Как я мог повлиять, если меня не спрашивали? На мои доводы Сталин мог бы резонно ответить: "Николай Алексеевич, вы же не бывали на Южном фронте, не знаете, что там произошло". Однако, поразмыслив, я нашел, как мне казалось, ход, который мог подействовать на Иосифа Виссарионовича. Он прямолинеен, он упрям, переубедить его нелегко. А вот отвлечь, открыть перед ним какой-то неожиданный поворот, особенно если с юмором, вполне возможно. Ему это даже нравилось: под настроение, разумеется. Написал я небольшую характеристику (справку) на Малиновского. Когда родился, где служил, где воевал, и все, что положено в таких случаях. Особо выделил летние события сорок первого года, когда Малиновский умело командовал в Бессарабии 28-м стрелковым корпусом, сражался за Кишинев. Тогда корпус Малиновского вместе с кавкорпусом Белова являли собой ту самую "пожарную команду", которая не раз спасала положение на нашем южном крыле. И 6-й армией Малиновский потом неплохо командовал, и возглавляемый им Южный фронт не раз отличался в зимне-весенних боях.

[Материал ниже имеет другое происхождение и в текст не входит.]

(* Let $A_2\in\mathbf{C}^{n\times n}$. Then $\mathrm{e}^{t\{0,A_2\}}=\{\Phi_1(t),\Phi_2(t)\}$ for $t\in\mathbf{R}^+=[0,\infty)$ and $\{0,A_2\}^t=\{\Phi_1(t),\Phi_2(t)\}$ for $t\in\mathbf{Z}^+=\{0,1,2,\dots\}$, where $$\Phi_1(t)=\begin{cases}\sum_{i=0}^\infty\frac{t^{2i}}{(2i)!}(A_2^{\#}A_2)^i, & t\in\mathbf{R}^+,\\ (A_2^{\#}A_2)^{t/2}, & t\in\mathbf{Z}^+,\ t \text{ even},\\ 0, & t\in\mathbf{Z}^+,\ t\text{ odd},\end{cases}\qquad \Phi_2(t)=\begin{cases}\sum_{i=0}^\infty\frac{t^{2i+1}}{(2i+1)!}A_2(A_2^{\#}A_2)^i, & t\in\mathbf{R}^+,\\ 0, & t\in\mathbf{Z}^+,\ t \text{ even},\\ A_2(A_2^{\#}A_2)^{(t-1)/2}, & t\in\mathbf{Z}^+,\ t\text{ odd}.\end{cases}$$
   Context: $P^{\#}$ denotes entrywise conjugate. For $A_1,A_2\in\mathbf{C}^{n\times n}$ the bimatrix $\{A_1,A_2\}$ is the real-linear map $x\mapsto A_1x+A_2^{\#}x^{\#}$ on $\mathbf{C}^n$; products are compositions and equality means equality as maps. Powers: $\{A_1,A_2\}^0=\{I_n,0\}$, $\{A_1,A_2\}^i=\{A_1,A_2\}\{A_1,A_2\}^{i-1}$. Exponent: $\mathrm{e}^{t\{A_1,A_2\}}=\sum_{i=0}^\infty\frac{t^i}{i!}\{A_1,A_2\}^i$, $t\in\mathbf{R}$. *)

From HB Require Import structures.
From mathcomp Require Import all_boot all_order all_algebra.
From mathcomp Require Import all_classical all_reals all_analysis.
From mathcomp Require Import complex.
Export numFieldTopology.Exports numFieldNormedType.Exports.

Set Implicit Arguments.
Unset Strict Implicit.
Unset Printing Implicit Defensive.

Import Order.TTheory GRing.Theory Num.Theory.
Local Open Scope classical_set_scope.
Local Open Scope ring_scope.

(* Topology / norm on C = R[i]: the usual one, given by the modulus. *)
HB.instance Definition _ (R : realType) := PseudoPointedMetric.copy R[i] (R[i])^o.
HB.instance Definition _ (R : realType) := NormedModule.copy R[i] (R[i])^o.

Section Bimatrix.
Variables (R : realType) (n : nat).
Local Notation C := R[i].

Definition conjm (m p : nat) (P : 'M[C]_(m, p)) : 'M[C]_(m, p) :=
  map_mx (@conjc R) P.

(* the bimatrix {A1, A2} as the real-linear map x |-> A1 x + A2^# x^# *)
Definition bimat (A1 A2 : 'M[C]_n) : 'cV[C]_n -> 'cV[C]_n :=
  fun x => A1 *m x + conjm A2 *m conjm x.

Fixpoint bipow (A1 A2 : 'M[C]_n) (i : nat) : 'cV[C]_n -> 'cV[C]_n :=
  match i with
  | 0 => bimat 1%:M 0
  | i'.+1 => fun x => bimat A1 A2 (bipow A1 A2 i' x)
  end.

(* e^{t{A1,A2}} = F (as maps): for every x, the series
   sum_i t^i/i! {A1,A2}^i x converges to F x. *)
Definition bimexp_eq (A1 A2 : 'M[C]_n) (t : R) (F : 'cV[C]_n -> 'cV[C]_n)
  : Prop :=
  forall x : 'cV[C]_n,
    series (fun i => ((t ^+ i / (i`!)%:R)%:C)%C *: bipow A1 A2 i x) @ \oo
      --> F x.

Definition Phi1R_term (A2 : 'M[C]_n) (t : R) (i : nat) : 'M[C]_n :=
  ((t ^+ (2 * i) / ((2 * i)`!)%:R)%:C)%C *: (conjm A2 *m A2) ^+ i.

Definition Phi2R_term (A2 : 'M[C]_n) (t : R) (i : nat) : 'M[C]_n :=
  ((t ^+ (2 * i).+1 / (((2 * i).+1)`!)%:R)%:C)%C *: (A2 *m (conjm A2 *m A2) ^+ i).

Definition Phi1R (A2 : 'M[C]_n) (t : R) : 'M[C]_n := limn (series (Phi1R_term A2 t)).
Definition Phi2R (A2 : 'M[C]_n) (t : R) : 'M[C]_n := limn (series (Phi2R_term A2 t)).

Definition Phi1Z (A2 : 'M[C]_n) (k : nat) : 'M[C]_n :=
  if odd k then 0 else (conjm A2 *m A2) ^+ k./2.

Definition Phi2Z (A2 : 'M[C]_n) (k : nat) : 'M[C]_n :=
  if odd k then A2 *m (conjm A2 *m A2) ^+ (k.-1)./2 else 0.

End Bimatrix.

(* Since {0, A2} x = A2^# x^#, two steps give {0, A2}^2 = {A2^# A2, 0}: the even
   powers are (A2^# A2)^j and the odd ones {0, A2 (A2^# A2)^j}, which is the
   integer case.  For real t, the partial sums of the exponential series taken
   at even and at odd indices are partial sums of Phi_1(t) x + Phi_2(t)^# x^#.
   Both matrix series are dominated by exponential series, because the
   max-entry norm is submultiplicative up to the factor n, so they converge once
   C = R[i] is known to be complete; the full series then converges since its
   even and odd subsequences of partial sums have the same limit. *)

From HB Require Import structures.
From mathcomp Require Import all_boot all_order all_algebra.
From mathcomp Require Import all_classical all_reals all_analysis.
From mathcomp Require Import complex.
From mathcomp Require Import zify ring.
Import Order.TTheory GRing.Theory Num.Theory.
Set Implicit Arguments.
Unset Strict Implicit.
Unset Printing Implicit Defensive.
Local Open Scope classical_set_scope.
Local Open Scope ring_scope.

Section ComplexComplete.
Variable R : realType.
Local Notation C := R[i].

Lemma normc_ge_Im (z : C) : (`|complex.Im z|)%:C%C <= `|z|.
Proof.
by case: z => a b; rewrite normc_def lecR /= -sqrtr_sqr ler_wsqrtr // lerDr sqr_ge0.
Qed.

Lemma normc_le_ReIm (z : C) :
  `|z| <= (`|complex.Re z| + `|complex.Im z|)%:C%C.
Proof.
rewrite normc_def lecR -[X in _ <= X]ger0_norm ?addr_ge0 // -sqrtr_sqr.
apply: ler_wsqrtr; rewrite sqrrD -[complex.Re z ^+ 2]real_normK ?num_real //.
by rewrite -[complex.Im z ^+ 2]real_normK ?num_real // addrAC lerDl mulrn_wge0 ?mulr_ge0.
Qed.

Lemma complex_cauchy_cvg (F : set_system C) : ProperFilter F -> cauchy F -> cvg F.
Proof.
move=> FF /cauchyP F_cauchy.
have cvg_lipschitz (f : C -> R) :
    (forall x y, (`|f x - f y|)%:C%C <= `|x - y|) -> cvg (f @ F).
  move=> f_lip; apply: cauchy_cvg; apply: cauchy_exP => e e_gt0.
  have [|x Fx] := F_cauchy e%:C%C; first by rewrite ltcR.
  exists (f x) => /=; move: Fx; apply: filterS => y.
  by rewrite -!ball_normE /= -ltcR; apply: le_lt_trans.
have /cvg_lipschitz /cvgrPdist_lt cvg_Re : forall x y : C,
    (`|complex.Re x - complex.Re y|)%:C%C <= `|x - y|.
  by move=> [? ?] [? ?]; exact: (normc_ge_Re (_ +i* _)%C).
have /cvg_lipschitz /cvgrPdist_lt cvg_Im : forall x y : C,
    (`|complex.Im x - complex.Im y|)%:C%C <= `|x - y|.
  by move=> [? ?] [? ?]; exact: (normc_ge_Im (_ +i* _)%C).
apply/cvg_ex; exists (lim (@complex.Re R @ F) +i* lim (@complex.Im R @ F))%C.
apply/cvgrPdist_lt => -[r ?]; rewrite ltcE /= => /andP[/eqP -> r_gt0].
near=> t; apply: le_lt_trans (normc_le_ReIm _) _.
rewrite ltcR (splitr r) !raddfB /=; apply: ltrD.
- by near: t; apply: cvg_Re; rewrite divr_gt0.
- by near: t; apply: cvg_Im; rewrite divr_gt0.
Unshelve. all: by end_near. Qed.

End ComplexComplete.

HB.instance Definition _ (R : realType) :=
  Uniform_isComplete.Build R[i] (@complex_cauchy_cvg R).

Section MatrixNorm.
Variable K : numDomainType.

Lemma mx_norm_entry_le m p (M : 'M[K]_(m, p)) i j : `|M i j| <= `|M|.
Proof.
rewrite [`|M|]mx_normE -[leLHS]nngE num_le.
exact: (le_bigmax _ _ (i, j)).
Qed.

Lemma mx_norm_le m p (M : 'M[K]_(m, p)) (c : K) :
  0 <= c -> (forall i j, `|M i j| <= c) -> `|M| <= c.
Proof.
move=> c_ge0 M_le; have [->//|/mx_norm_neq0 [[i j] M_ij]] := eqVneq `|M| 0.
by rewrite (_ : `|M| = `|M i j|).
Qed.

Lemma mx_norm_mulmx m k p (A : 'M[K]_(m, k)) (B : 'M[K]_(k, p)) :
  `|A *m B| <= k%:R * (`|A| * `|B|).
Proof.
apply: mx_norm_le => [|i j]; first by rewrite !mulr_ge0.
rewrite mxE mulr_natl -[k in _ *+ k]card_ord -sumr_const.
apply: le_trans (ler_norm_sum _ _ _) _.
by apply: ler_sum => l _; rewrite normrM ler_pM ?mx_norm_entry_le.
Qed.

Lemma mx_norm_expr n (A : 'M[K]_n) k : `|A ^+ k| <= (n%:R * `|A|) ^+ k.
Proof.
elim: k => [|k IHk].
  rewrite !expr0; apply: mx_norm_le => // i j.
  by rewrite mxE; case: eqP; rewrite ?normr1 ?normr0.
rewrite exprS -mulmxE exprS; apply: le_trans (mx_norm_mulmx _ _) _.
by rewrite -mulrA ler_wpM2l ?ler_wpM2l.
Qed.

End MatrixNorm.

Lemma cvg_mulmxr (K : numFieldType) (T : Type) (F : set_system T) {FF : Filter F}
    m k p (f : T -> 'M[K]_(m, k)) (L : 'M[K]_(m, k)) (B : 'M[K]_(k, p)) :
  f @ F --> L -> (fun x => f x *m B) @ F --> L *m B.
Proof.
move=> /cvgrPdist_lt f_cvg; apply/cvgrPdist_lt => e e_gt0.
have c_gt0 : 0 < k%:R * `|B| + 1 by rewrite ltr_wpDl ?mulr_ge0.
apply: filterS (f_cvg _ (divr_gt0 e_gt0 c_gt0)) => x.
rewrite -mulmxBl ltr_pdivlMr // => near_L.
apply: le_lt_trans (mx_norm_mulmx _ _) (le_lt_trans _ near_L).
by rewrite mulrCA mulrDr mulr1 lerDl.
Qed.

Lemma cvg_even_odd (T : topologicalType) (s : nat -> T) (L : T) :
  (fun k => s k.*2) @ \oo --> L -> (fun k => s k.*2.+1) @ \oo --> L ->
  s @ \oo --> L.
Proof.
move=> s_even s_odd U L_U.
have [N1 _ N1_U] := s_even U L_U; have [N2 _ N2_U] := s_odd U L_U.
exists (N1 + N2).*2 => // k /=; rewrite -[k]odd_double_half.
case: (odd k) => /= le_k; [apply: (N2_U k./2) | apply: (N1_U k./2)] => /=;
  move: le_k; rewrite -!addnn; lia.
Qed.

Lemma cvg_series_exp_coeff_double (R : realType) (t q : R) r :
  0 <= t -> 0 <= q ->
  cvgn (series (fun k => t ^+ (2 * k + r) / ((2 * k + r)`!)%:R * q ^+ k)).
Proof.
move=> t_ge0 q_ge0.
apply: (@series_le_cvg _ _ (fun k => t ^+ r * exp_coeff (t ^+ 2 * q) k)) => [k|k|k|].
- by rewrite mulr_ge0 ?divr_ge0 ?exprn_ge0.
- by rewrite mulr_ge0 ?exp_coeff_ge0 ?exprn_ge0 ?mulr_ge0 ?sqr_ge0.
- rewrite /exp_coeff /= exprMn -exprM [leLHS](_ : _ =
    t ^+ r * (t ^+ (2 * k) * q ^+ k / ((2 * k + r)`!)%:R)); last first.
    by rewrite exprD; ring.
  rewrite ler_wpM2l ?exprn_ge0 // ler_wpM2l ?mulr_ge0 ?exprn_ge0 //.
  by rewrite lef_pV2 ?posrE ?ltr0n ?fact_gt0 // ler_nat leq_fact //; lia.
- exact/is_cvg_seriesZ/is_cvg_series_exp_coeff.
Qed.

Section ComplexMatrix.
Variable R : realType.
Local Notation C := R[i].

Lemma conjmK m p : involutive (@conjm R m p).
Proof. by move=> A; apply/matrixP => i j; rewrite !mxE conjcK. Qed.

Lemma conjm0 m p : conjm (0 : 'M[C]_(m, p)) = 0.
Proof. exact: map_mx0. Qed.

Lemma conjmD m p (A B : 'M[C]_(m, p)) : conjm (A + B) = conjm A + conjm B.
Proof. exact: map_mxD. Qed.

Lemma conjmB m p (A B : 'M[C]_(m, p)) : conjm (A - B) = conjm A - conjm B.
Proof. exact: map_mxB. Qed.

Lemma conjmM m k p (A : 'M[C]_(m, k)) (B : 'M[C]_(k, p)) :
  conjm (A *m B) = conjm A *m conjm B.
Proof. exact: map_mxM. Qed.

Lemma conjmZ_real m p (a : R) (A : 'M[C]_(m, p)) :
  conjm (a%:C%C *: A) = a%:C%C *: conjm A.
Proof. by rewrite /conjm map_mxZ /= oppr0. Qed.

Lemma mx_norm_conjm m p (A : 'M[C]_(m, p)) : `|conjm A| = `|A|.
Proof.
apply/le_anti/andP; split; apply: mx_norm_le => // i j.
- by rewrite mxE normcJ mx_norm_entry_le.
- by have := mx_norm_entry_le (conjm A) i j; rewrite mxE normcJ.
Qed.

Lemma cvg_conjm (T : Type) (F : set_system T) {FF : Filter F} m p
    (f : T -> 'M[C]_(m, p)) (L : 'M[C]_(m, p)) :
  f @ F --> L -> (fun x => conjm (f x)) @ F --> conjm L.
Proof.
move=> /cvgrPdist_lt f_cvg; apply/cvgrPdist_lt => e /f_cvg.
by apply: filterS => x; rewrite -conjmB mx_norm_conjm.
Qed.

Lemma series_norm_le_cvg m p (u : 'M[C]_(m, p) ^nat) (b : R ^nat) :
  (forall k, `|u k| <= (b k)%:C%C) -> cvgn (series b) -> cvgn (series u).
Proof.
move=> u_le /cauchy_cvgP/cauchy_seriesP b_cauchy.
apply/cauchy_cvgP/cauchy_seriesP => -[r ?]; rewrite ltcE /= => /andP[/eqP -> r_gt0].
apply: filterS (b_cauchy r r_gt0) => -[k1 k2] /= b_small.
apply: le_lt_trans (ler_norm_sum _ _ _) _.
apply: le_lt_trans (ler_sum _ (fun k _ => u_le k)) _.
by rewrite -rmorph_sum ltcR (le_lt_trans (ler_norm _) b_small).
Qed.

End ComplexMatrix.

Section ZeroBimatrix.
Variables (R : realType) (n : nat) (A2 : 'M[R[i]]_n).
Local Notation M := (conjm A2 *m A2).

Lemma bipow_double j x : bipow 0 A2 j.*2 x = M ^+ j *m x.
Proof.
elim: j x => [|j IHj] x; first by rewrite /= /bimat conjm0 !mul0mx addr0 mul1mx.
rewrite doubleS /= /bimat IHj !mul0mx !add0r conjmM !conjmK.
by rewrite exprS -mulmxE !mulmxA.
Qed.

Lemma bipow_doubleS j x : bipow 0 A2 j.*2.+1 x = conjm (A2 *m M ^+ j) *m conjm x.
Proof.
rewrite [LHS]/= bipow_double /bimat mul0mx add0r.
by rewrite !conjmM mulmxA.
Qed.

Lemma bipow0_Phi k x : bipow 0 A2 k x = bimat (Phi1Z A2 k) (Phi2Z A2 k) x.
Proof.
rewrite -[k]odd_double_half /Phi1Z /Phi2Z; case: (odd k).
  by rewrite bipow_doubleS /= odd_double half_double /bimat mul0mx add0r.
by rewrite bipow_double /= odd_double half_double /bimat conjm0 mul0mx addr0.
Qed.

Local Notation q := (n%:R * complex.Re `|M|).

Let q_ge0 : 0 <= q.
Proof. by move: (normr_ge0 M); rewrite lecE => /andP[_ ?]; rewrite mulr_ge0. Qed.

Lemma mx_norm_exprM k : `|M ^+ k| <= (q ^+ k)%:C%C.
Proof.
apply: le_trans (mx_norm_expr _ _) _.
by rewrite -(RRe_real (normr_real M)) -(rmorph_nat (real_complex R)) -rmorphM -rmorphXn.
Qed.

Section RealTime.
Variable t : R.
Hypothesis t_ge0 : 0 <= t.

Lemma mx_norm_Phi1R_term k :
  `|Phi1R_term A2 t k| <= (t ^+ (2 * k + 0) / ((2 * k + 0)`!)%:R * q ^+ k)%:C%C.
Proof.
have c_ge0 : 0 <= t ^+ (2 * k) / ((2 * k)`!)%:R by rewrite divr_ge0 ?exprn_ge0.
rewrite /Phi1R_term normrZ addn0 [leRHS]rmorphM ger0_norm ?ler0c //.
by rewrite ler_wpM2l ?ler0c ?mx_norm_exprM.
Qed.

Lemma mx_norm_Phi2R_term k :
  `|Phi2R_term A2 t k| <=
  (n%:R * complex.Re `|A2| * (t ^+ (2 * k + 1) / ((2 * k + 1)`!)%:R * q ^+ k))%:C%C.
Proof.
have c_ge0 : 0 <= t ^+ (2 * k).+1 / ((2 * k).+1`!)%:R by rewrite divr_ge0 ?exprn_ge0.
rewrite /Phi2R_term normrZ addn1 ger0_norm ?ler0c //.
rewrite mulrCA [leRHS]rmorphM ler_wpM2l ?ler0c //.
apply: le_trans (mx_norm_mulmx _ _) _.
rewrite !rmorphM rmorph_nat -mulrA ler_wpM2l // ler_pM ?mx_norm_exprM //.
by rewrite -[leLHS](RRe_real (normr_real A2)); exact: lexx.
Qed.

Lemma cvg_Phi1R : cvgn (series (Phi1R_term A2 t)).
Proof.
apply: (series_norm_le_cvg mx_norm_Phi1R_term).
exact: cvg_series_exp_coeff_double.
Qed.

Lemma cvg_Phi2R : cvgn (series (Phi2R_term A2 t)).
Proof.
apply: (series_norm_le_cvg mx_norm_Phi2R_term).
exact/is_cvg_seriesZ/cvg_series_exp_coeff_double.
Qed.

Let exp_term x i := (t ^+ i / (i`!)%:R)%:C%C *: bipow 0 A2 i x.

Lemma exp_term_double x k : exp_term x k.*2 = Phi1R_term A2 t k *m x.
Proof. by rewrite /exp_term bipow_double /Phi1R_term -scalemxAl mul2n. Qed.

Lemma exp_term_doubleS x k :
  exp_term x k.*2.+1 = conjm (Phi2R_term A2 t k) *m conjm x.
Proof. by rewrite /exp_term bipow_doubleS /Phi2R_term conjmZ_real scalemxAl mul2n. Qed.

Lemma series_exp_term_double x k :
  series (exp_term x) k.*2 =
  series (Phi1R_term A2 t) k *m x + conjm (series (Phi2R_term A2 t) k) *m conjm x.
Proof.
elim: k => [|k IHk]; first by rewrite /series /= !big_geq // conjm0 !mul0mx addr0.
rewrite doubleS !seriesSr IHk exp_term_double exp_term_doubleS conjmD !mulmxDl.
by rewrite -addrA addrACA.
Qed.

Lemma series_exp_term_doubleS x k :
  series (exp_term x) k.*2.+1 =
  series (Phi1R_term A2 t) k.+1 *m x + conjm (series (Phi2R_term A2 t) k) *m conjm x.
Proof.
by rewrite seriesSr series_exp_term_double exp_term_double seriesSr mulmxDl addrAC.
Qed.

Lemma bimexp_eq_Phi : bimexp_eq 0 A2 t (bimat (Phi1R A2 t) (Phi2R A2 t)).
Proof.
have Phi1_cvgS : (fun k => series (Phi1R_term A2 t) k.+1) @ \oo --> Phi1R A2 t.
  by rewrite cvg_shiftS; exact: cvg_Phi1R.
move=> x; rewrite /bimat; apply: cvg_even_odd.
- rewrite (eq_cvg _ _ (series_exp_term_double x)).
  exact: cvgD (cvg_mulmxr cvg_Phi1R) (cvg_mulmxr (cvg_conjm cvg_Phi2R)).
- rewrite (eq_cvg _ _ (series_exp_term_doubleS x)).
  exact: cvgD (cvg_mulmxr Phi1_cvgS) (cvg_mulmxr (cvg_conjm cvg_Phi2R)).
Qed.

End RealTime.
End ZeroBimatrix.

Theorem corollary2 (R : realType) (n : nat) (A2 : 'M[R[i]]_n) :
  (forall t : R, 0 <= t ->
     [/\ cvgn (series (Phi1R_term A2 t)),
         cvgn (series (Phi2R_term A2 t)) &
         bimexp_eq 0 A2 t (bimat (Phi1R A2 t) (Phi2R A2 t))])
  /\
  (forall (k : nat) (x : 'cV[R[i]]_n),
     bipow 0 A2 k x = bimat (Phi1Z A2 k) (Phi2Z A2 k) x).
Proof.
split=> [t t_ge0 | k x]; last exact: bipow0_Phi.
by split; [exact: cvg_Phi1R | exact: cvg_Phi2R | exact: bimexp_eq_Phi].
Qed.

Зная, что Сталин внимательно читает каждый документ, я вставил в характеристику несколько фраз, на которых он не мог не задержаться. Упомянул о том, что во время Первой мировой войны пулеметчик Малиновский входил в состав Русского экспедиционного корпуса, который был отправлен морем во Францию на помощь союзникам, что этот корпус не только отличился в боях, но и внес заметный вклад в укрепление обмельчавшей французской нации.

— Как это понимать? — спросил Иосиф Виссарионович, обнаруживший у себя на столе справку-характеристику с моей подписью. — Какой вклад?

— В экспедиционный корпус собрали красавцев-богатырей, не ниже метра восьмидесяти. Немцам в плен не сдавались, а вот перед экспансивными француженками богатыри наши устоять не могли.

— Атаковали? — улыбнулся Сталин.

— Еще как! Своих мужчин по военному времени мало было, да и закваска у француза не та. А тут такая гвардия! Где корпус стоял, там втрое рождаемость увеличилась. Светловолосые крепыши.

— Это Малиновский вам рассказывал? Он что, тоже след там оставил? Крепышей…

— Насчет следа не знаю, а рассказывал мне генерал Игнатьев Алексей Алексеевич, он ведь был тогда нашим военным представителем во Франции, напомнил я.

— Ему, конечно, известно, — большим и указательным пальцами Иосиф Виссарионович расправил прокуренные усы. — Чем занимается сейчас наш граф?

— В основном работает с Шапошниковым над новыми уставами.

— Это правильно. Это поможет сохранить лучшие традиции русской армии. И обогатит их опытом современной войны… А этот Малиновский… Этот интернационалист вместе с комиссаром пусть является в двадцать один тридцать, — в голосе Сталина прозвучали жесткие нотки. Но если назначил встречу, это уже хорошо. А он продолжал: — Дадим возможность восстановить репутацию. И строго предупредим: если не оправдают доверия — пусть пеняют на самих себя.

23

Без хронологии — о судьбе генерала Малиновского и дивизионного комиссара Ларина, попавших под приказ № 227, об их особом, малоизвестном вкладе в Сталинградскую эпопею. И не только о них.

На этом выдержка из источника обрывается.